§ **Stored dataset items**:
● ● ●

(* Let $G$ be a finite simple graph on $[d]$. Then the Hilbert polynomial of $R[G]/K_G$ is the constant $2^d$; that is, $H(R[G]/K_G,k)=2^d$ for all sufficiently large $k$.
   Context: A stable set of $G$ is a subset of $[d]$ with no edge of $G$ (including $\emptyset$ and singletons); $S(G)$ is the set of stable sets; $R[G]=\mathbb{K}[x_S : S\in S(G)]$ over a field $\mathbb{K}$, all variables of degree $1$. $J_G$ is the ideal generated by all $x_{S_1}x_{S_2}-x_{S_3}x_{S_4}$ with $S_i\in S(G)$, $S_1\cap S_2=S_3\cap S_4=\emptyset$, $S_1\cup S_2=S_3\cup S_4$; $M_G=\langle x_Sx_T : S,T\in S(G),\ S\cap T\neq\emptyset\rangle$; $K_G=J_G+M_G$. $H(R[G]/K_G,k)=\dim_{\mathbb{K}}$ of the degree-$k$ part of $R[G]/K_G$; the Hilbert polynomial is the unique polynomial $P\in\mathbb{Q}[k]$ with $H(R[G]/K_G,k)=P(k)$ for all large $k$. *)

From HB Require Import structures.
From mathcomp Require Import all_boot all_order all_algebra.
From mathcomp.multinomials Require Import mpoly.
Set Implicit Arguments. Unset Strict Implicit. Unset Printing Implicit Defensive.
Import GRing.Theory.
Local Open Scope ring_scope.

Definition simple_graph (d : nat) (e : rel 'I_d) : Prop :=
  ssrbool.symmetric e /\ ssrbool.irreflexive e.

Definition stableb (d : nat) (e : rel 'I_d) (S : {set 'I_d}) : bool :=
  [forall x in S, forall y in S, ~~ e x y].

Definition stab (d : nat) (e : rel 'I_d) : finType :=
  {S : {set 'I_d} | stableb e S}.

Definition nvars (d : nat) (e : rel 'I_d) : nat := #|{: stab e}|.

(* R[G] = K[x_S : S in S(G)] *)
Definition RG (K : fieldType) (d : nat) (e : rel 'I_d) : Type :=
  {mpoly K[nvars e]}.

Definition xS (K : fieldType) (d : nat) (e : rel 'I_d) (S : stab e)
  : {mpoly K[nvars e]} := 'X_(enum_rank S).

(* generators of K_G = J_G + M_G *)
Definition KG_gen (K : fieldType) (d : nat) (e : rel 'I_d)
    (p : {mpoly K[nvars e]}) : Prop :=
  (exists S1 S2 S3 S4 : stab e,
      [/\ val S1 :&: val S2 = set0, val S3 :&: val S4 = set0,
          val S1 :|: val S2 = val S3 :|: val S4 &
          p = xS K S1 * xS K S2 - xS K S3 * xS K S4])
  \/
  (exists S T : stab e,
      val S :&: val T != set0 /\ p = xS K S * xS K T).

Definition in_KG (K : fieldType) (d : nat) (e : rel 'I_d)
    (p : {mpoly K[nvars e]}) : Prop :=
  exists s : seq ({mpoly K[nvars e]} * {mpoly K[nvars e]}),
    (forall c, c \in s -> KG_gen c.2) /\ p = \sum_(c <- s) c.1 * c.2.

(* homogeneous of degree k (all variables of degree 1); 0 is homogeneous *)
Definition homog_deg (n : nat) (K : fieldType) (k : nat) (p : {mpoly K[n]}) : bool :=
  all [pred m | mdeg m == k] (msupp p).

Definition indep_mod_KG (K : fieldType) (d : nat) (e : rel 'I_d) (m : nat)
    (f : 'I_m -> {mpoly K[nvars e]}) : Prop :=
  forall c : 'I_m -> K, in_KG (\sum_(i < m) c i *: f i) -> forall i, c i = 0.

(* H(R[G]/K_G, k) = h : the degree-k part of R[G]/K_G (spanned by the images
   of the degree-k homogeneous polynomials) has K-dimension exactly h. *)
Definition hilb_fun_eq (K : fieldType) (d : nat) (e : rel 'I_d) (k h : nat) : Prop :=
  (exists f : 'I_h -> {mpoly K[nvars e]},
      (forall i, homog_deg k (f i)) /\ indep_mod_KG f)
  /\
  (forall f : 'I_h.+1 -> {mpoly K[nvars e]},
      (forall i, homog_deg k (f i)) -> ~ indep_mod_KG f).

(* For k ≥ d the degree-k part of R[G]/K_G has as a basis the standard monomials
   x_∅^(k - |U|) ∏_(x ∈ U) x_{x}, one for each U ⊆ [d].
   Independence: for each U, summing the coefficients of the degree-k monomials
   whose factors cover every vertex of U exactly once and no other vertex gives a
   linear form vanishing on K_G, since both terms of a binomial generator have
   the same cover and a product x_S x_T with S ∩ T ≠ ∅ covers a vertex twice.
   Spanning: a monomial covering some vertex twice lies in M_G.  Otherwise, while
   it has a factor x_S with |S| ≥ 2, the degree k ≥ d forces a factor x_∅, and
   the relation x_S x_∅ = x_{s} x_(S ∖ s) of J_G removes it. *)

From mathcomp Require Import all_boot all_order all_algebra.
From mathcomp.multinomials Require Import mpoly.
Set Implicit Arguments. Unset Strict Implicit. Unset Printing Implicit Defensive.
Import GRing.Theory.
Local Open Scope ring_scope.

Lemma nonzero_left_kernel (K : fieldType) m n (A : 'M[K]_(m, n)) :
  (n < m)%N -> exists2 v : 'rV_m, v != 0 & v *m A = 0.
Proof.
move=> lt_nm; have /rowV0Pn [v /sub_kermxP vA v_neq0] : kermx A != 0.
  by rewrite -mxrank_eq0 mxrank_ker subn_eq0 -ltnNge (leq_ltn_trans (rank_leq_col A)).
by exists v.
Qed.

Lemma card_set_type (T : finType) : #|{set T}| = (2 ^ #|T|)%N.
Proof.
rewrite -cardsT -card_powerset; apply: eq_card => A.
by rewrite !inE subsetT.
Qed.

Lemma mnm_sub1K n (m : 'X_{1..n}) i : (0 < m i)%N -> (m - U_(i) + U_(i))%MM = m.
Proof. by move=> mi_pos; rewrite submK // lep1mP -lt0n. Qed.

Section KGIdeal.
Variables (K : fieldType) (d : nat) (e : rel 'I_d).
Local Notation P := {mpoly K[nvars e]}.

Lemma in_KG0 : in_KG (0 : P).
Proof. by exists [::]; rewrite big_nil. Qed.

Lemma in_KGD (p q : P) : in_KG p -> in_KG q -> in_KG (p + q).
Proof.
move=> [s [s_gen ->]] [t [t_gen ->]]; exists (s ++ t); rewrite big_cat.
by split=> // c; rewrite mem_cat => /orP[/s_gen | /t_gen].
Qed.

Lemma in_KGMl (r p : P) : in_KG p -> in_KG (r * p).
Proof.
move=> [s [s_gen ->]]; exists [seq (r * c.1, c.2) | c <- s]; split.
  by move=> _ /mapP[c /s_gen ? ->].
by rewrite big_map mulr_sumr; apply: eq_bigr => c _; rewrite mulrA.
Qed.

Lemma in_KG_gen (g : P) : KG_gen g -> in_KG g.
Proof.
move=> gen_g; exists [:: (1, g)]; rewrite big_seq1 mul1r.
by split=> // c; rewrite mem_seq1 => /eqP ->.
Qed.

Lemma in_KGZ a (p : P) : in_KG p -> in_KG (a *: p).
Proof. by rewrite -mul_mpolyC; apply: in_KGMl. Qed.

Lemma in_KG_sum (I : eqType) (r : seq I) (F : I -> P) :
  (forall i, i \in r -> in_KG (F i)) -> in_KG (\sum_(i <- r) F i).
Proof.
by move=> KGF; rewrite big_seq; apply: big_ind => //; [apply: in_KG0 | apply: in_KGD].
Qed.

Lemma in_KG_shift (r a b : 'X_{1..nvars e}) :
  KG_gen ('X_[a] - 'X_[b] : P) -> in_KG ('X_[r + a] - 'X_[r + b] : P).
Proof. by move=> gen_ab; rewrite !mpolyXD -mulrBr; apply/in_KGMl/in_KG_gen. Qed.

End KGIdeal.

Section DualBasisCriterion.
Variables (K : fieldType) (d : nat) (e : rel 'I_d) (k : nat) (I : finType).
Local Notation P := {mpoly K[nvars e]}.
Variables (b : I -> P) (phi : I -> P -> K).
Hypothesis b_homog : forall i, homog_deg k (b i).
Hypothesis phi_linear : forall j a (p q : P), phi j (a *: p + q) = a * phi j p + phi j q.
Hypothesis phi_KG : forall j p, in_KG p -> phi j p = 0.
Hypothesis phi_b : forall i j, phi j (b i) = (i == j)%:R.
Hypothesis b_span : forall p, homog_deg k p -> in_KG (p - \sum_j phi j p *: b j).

● ● ●

Starting at the line above that contains "(exists f : 'I_h", write out each line exactly until the line that contains "x_∅^(k - |U|) ∏_(x ∈ U)" has been written, and stop there.

  (exists f : 'I_h -> {mpoly K[nvars e]},
      (forall i, homog_deg k (f i)) /\ indep_mod_KG f)
  /\
  (forall f : 'I_h.+1 -> {mpoly K[nvars e]},
      (forall i, homog_deg k (f i)) -> ~ indep_mod_KG f).

(* For k ≥ d the degree-k part of R[G]/K_G has as a basis the standard monomials
   x_∅^(k - |U|) ∏_(x ∈ U) x_{x}, one for each U ⊆ [d].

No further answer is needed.